_Stored dataset items_
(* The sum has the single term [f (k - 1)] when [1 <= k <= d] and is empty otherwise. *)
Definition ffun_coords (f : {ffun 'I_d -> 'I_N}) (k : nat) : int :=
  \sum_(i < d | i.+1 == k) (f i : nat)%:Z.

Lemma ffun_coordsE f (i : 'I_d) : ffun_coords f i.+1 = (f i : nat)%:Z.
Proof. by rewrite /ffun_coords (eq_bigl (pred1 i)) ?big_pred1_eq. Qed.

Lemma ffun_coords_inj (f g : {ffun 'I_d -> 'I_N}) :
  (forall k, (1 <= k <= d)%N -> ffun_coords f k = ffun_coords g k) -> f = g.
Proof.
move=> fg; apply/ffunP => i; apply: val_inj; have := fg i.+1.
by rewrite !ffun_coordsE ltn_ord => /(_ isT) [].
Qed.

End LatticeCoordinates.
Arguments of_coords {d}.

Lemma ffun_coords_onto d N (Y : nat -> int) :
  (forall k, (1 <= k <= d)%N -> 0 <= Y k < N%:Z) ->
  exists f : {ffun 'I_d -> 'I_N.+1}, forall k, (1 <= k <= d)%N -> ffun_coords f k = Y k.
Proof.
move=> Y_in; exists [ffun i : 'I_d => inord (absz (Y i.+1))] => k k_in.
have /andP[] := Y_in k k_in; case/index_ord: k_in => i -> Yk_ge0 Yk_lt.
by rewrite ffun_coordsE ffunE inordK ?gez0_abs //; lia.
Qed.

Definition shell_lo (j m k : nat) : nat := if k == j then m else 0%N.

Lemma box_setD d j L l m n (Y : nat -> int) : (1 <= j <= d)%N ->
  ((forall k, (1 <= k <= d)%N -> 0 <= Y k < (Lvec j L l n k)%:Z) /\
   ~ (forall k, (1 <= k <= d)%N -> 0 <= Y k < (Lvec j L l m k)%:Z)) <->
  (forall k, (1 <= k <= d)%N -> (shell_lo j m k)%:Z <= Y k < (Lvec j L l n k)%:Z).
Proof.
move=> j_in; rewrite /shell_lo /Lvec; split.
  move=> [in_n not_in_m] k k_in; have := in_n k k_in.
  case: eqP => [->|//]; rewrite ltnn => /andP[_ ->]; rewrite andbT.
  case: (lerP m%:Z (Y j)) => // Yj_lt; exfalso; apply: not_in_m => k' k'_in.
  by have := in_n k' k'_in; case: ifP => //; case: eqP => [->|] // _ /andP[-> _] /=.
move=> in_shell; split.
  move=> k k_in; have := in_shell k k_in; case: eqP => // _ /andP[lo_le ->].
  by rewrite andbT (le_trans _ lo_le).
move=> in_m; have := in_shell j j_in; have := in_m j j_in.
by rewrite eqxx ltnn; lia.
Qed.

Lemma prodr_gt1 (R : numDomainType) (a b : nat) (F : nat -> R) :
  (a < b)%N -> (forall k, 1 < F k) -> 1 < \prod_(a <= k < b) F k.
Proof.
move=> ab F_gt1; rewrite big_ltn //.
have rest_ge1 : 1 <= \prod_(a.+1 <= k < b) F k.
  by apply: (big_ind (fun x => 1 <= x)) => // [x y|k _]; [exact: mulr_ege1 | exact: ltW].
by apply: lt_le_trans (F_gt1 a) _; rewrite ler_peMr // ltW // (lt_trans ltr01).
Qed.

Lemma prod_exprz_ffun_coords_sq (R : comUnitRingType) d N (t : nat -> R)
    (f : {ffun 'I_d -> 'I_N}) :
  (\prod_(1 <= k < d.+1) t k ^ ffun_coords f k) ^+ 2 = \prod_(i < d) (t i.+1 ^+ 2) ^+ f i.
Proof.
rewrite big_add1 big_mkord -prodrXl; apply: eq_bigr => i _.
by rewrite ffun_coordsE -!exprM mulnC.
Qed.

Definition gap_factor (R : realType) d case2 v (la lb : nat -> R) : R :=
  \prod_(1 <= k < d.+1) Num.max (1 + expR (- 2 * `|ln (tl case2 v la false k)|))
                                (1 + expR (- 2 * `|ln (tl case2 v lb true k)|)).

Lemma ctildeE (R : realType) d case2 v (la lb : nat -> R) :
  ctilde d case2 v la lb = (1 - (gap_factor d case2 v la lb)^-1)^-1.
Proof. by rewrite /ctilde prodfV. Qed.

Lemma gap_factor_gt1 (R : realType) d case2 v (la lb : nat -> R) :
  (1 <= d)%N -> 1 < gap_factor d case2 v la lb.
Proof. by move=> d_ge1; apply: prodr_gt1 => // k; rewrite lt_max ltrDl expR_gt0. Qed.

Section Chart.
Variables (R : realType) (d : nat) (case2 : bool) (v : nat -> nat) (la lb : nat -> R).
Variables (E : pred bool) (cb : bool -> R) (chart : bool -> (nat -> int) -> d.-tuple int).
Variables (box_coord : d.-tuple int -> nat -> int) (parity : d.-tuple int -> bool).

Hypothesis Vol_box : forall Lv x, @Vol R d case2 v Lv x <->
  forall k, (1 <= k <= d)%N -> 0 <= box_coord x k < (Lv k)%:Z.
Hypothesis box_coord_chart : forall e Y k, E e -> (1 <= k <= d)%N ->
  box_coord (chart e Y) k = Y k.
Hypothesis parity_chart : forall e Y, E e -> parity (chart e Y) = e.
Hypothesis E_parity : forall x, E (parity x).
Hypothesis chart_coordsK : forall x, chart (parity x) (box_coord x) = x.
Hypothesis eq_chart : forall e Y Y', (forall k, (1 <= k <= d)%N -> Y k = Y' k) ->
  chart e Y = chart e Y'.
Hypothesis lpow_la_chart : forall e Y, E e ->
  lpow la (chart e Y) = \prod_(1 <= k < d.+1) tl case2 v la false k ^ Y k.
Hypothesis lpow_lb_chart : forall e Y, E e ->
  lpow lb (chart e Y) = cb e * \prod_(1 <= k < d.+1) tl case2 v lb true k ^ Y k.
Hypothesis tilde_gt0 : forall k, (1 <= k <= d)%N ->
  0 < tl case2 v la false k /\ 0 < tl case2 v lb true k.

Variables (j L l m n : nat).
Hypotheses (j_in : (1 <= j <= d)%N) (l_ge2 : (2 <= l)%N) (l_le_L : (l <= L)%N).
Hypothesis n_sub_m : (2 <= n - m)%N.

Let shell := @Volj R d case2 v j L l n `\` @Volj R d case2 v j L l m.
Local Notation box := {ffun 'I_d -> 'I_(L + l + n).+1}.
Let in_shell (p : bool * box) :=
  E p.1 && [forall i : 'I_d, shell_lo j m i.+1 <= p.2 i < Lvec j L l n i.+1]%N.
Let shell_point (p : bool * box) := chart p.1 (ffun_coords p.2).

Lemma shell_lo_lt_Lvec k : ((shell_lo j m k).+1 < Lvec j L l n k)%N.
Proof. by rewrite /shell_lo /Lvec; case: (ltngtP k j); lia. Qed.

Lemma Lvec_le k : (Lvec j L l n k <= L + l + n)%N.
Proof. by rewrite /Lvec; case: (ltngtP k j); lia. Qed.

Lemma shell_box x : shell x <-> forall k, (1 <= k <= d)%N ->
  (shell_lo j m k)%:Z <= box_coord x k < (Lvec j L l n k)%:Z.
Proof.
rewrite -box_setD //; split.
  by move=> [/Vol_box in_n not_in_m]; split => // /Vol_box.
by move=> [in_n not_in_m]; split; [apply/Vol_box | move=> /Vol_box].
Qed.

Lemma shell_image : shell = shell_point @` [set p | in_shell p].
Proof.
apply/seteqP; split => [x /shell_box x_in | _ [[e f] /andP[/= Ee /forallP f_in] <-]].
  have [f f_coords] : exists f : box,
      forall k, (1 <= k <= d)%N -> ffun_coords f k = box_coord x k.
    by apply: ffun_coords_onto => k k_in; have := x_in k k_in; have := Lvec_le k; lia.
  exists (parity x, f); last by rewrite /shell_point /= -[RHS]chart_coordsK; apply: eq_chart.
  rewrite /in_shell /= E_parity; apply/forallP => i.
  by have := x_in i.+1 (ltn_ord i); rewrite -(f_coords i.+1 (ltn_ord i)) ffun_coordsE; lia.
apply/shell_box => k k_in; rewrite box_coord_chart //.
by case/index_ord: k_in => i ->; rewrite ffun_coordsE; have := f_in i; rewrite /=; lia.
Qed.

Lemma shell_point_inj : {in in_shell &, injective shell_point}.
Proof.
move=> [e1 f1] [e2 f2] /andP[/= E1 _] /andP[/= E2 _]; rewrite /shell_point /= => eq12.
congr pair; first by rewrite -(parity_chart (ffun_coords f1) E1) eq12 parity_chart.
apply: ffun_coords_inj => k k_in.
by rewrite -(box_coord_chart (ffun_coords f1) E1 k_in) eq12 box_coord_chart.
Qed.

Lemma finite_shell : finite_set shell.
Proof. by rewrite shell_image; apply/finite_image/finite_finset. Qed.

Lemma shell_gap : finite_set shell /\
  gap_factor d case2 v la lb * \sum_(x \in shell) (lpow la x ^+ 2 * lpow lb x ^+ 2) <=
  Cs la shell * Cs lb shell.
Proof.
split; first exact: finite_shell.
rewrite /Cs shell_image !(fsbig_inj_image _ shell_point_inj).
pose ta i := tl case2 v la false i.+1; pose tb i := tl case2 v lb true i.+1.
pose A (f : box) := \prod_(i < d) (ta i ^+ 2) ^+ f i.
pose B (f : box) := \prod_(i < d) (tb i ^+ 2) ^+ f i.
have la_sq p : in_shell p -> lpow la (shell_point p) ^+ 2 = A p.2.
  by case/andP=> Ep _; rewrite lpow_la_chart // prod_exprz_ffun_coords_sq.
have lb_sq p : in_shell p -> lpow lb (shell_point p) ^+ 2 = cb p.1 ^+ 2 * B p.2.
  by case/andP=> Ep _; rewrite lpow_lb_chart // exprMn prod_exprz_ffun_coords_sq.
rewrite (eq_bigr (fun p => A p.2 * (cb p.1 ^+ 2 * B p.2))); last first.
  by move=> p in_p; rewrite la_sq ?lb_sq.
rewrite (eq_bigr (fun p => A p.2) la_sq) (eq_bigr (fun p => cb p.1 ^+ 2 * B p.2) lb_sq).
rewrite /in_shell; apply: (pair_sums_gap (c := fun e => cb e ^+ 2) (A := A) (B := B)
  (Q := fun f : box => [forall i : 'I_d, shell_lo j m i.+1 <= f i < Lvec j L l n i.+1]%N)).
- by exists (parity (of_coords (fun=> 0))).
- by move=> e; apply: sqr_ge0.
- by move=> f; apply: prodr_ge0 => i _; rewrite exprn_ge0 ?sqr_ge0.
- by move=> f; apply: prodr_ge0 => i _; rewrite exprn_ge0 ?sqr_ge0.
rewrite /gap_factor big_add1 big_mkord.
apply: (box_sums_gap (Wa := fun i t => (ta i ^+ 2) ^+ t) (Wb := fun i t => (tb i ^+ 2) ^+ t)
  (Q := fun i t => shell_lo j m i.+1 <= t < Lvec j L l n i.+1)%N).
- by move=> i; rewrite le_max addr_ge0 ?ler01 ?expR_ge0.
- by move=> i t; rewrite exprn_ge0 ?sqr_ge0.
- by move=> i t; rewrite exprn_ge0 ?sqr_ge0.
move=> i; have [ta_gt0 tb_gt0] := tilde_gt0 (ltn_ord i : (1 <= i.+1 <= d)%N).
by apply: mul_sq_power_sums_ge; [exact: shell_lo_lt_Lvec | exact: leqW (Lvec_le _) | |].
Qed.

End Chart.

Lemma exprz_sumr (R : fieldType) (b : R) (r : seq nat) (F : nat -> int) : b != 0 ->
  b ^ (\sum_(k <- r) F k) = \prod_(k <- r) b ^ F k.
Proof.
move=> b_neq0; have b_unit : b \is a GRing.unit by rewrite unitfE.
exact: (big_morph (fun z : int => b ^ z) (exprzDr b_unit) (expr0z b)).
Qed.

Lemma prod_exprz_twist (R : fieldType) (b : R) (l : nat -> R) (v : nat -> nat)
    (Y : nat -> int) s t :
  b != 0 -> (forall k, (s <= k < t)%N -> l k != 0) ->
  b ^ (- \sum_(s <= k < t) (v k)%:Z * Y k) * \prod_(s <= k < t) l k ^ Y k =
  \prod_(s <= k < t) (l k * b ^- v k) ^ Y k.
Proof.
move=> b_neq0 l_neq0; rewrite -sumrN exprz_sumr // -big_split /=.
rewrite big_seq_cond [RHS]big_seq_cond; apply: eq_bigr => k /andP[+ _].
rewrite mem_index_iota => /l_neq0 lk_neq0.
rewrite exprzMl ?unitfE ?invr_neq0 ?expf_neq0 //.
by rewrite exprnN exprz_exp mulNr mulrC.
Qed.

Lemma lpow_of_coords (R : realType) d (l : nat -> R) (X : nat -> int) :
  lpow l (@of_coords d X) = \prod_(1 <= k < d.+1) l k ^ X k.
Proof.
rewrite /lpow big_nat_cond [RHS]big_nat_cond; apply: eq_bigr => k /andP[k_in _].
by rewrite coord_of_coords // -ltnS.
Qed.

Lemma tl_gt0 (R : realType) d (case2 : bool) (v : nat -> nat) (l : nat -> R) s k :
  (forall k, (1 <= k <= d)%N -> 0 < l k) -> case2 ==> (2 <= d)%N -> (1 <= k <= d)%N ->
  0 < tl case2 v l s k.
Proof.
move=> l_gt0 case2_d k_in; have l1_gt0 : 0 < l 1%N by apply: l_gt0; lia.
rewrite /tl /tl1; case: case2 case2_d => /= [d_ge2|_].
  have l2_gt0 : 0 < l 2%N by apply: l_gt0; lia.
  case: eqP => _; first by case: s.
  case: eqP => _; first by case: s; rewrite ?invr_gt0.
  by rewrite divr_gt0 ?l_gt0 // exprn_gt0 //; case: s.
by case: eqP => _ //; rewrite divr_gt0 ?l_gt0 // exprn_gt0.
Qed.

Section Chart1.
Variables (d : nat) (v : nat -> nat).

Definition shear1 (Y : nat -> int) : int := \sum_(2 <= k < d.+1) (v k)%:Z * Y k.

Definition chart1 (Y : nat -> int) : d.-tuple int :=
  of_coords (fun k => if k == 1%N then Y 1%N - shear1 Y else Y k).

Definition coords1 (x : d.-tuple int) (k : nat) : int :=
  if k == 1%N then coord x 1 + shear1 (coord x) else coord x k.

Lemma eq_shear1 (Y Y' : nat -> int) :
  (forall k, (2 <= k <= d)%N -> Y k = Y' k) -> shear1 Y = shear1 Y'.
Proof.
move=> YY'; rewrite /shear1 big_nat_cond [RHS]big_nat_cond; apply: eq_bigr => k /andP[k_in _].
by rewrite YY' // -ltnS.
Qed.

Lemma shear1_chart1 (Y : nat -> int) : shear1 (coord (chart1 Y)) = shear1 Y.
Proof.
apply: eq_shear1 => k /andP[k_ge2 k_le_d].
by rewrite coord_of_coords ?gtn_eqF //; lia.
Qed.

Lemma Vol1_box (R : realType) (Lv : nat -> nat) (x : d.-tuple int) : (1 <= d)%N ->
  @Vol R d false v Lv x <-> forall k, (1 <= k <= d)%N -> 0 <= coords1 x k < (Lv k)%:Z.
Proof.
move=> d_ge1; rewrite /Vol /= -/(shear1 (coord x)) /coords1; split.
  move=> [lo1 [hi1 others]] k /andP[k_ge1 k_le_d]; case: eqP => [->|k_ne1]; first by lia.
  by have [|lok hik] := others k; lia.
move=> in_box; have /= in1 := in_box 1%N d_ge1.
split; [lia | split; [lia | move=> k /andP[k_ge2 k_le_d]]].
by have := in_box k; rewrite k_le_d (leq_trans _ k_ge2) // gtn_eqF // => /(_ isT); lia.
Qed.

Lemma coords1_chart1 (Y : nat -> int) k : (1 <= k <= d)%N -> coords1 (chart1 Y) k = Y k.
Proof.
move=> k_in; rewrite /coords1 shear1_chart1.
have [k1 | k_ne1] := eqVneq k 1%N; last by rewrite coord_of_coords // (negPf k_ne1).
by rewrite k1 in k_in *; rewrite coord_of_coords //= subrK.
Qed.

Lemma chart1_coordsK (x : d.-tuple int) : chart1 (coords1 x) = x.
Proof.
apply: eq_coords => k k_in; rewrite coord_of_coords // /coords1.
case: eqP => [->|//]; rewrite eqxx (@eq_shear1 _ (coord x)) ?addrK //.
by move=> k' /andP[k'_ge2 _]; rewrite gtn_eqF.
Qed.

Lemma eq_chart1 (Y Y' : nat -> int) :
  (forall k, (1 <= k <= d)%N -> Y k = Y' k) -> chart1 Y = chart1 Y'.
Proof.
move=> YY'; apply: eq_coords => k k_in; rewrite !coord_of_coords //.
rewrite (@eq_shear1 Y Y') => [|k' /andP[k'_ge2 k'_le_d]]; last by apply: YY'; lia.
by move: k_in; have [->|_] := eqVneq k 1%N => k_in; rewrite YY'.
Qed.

_EXERCISE DESCRIPTION_
For the entries above, count the lines that contain the string "exists", and state that number without further comment.

_THE ANSWER_
5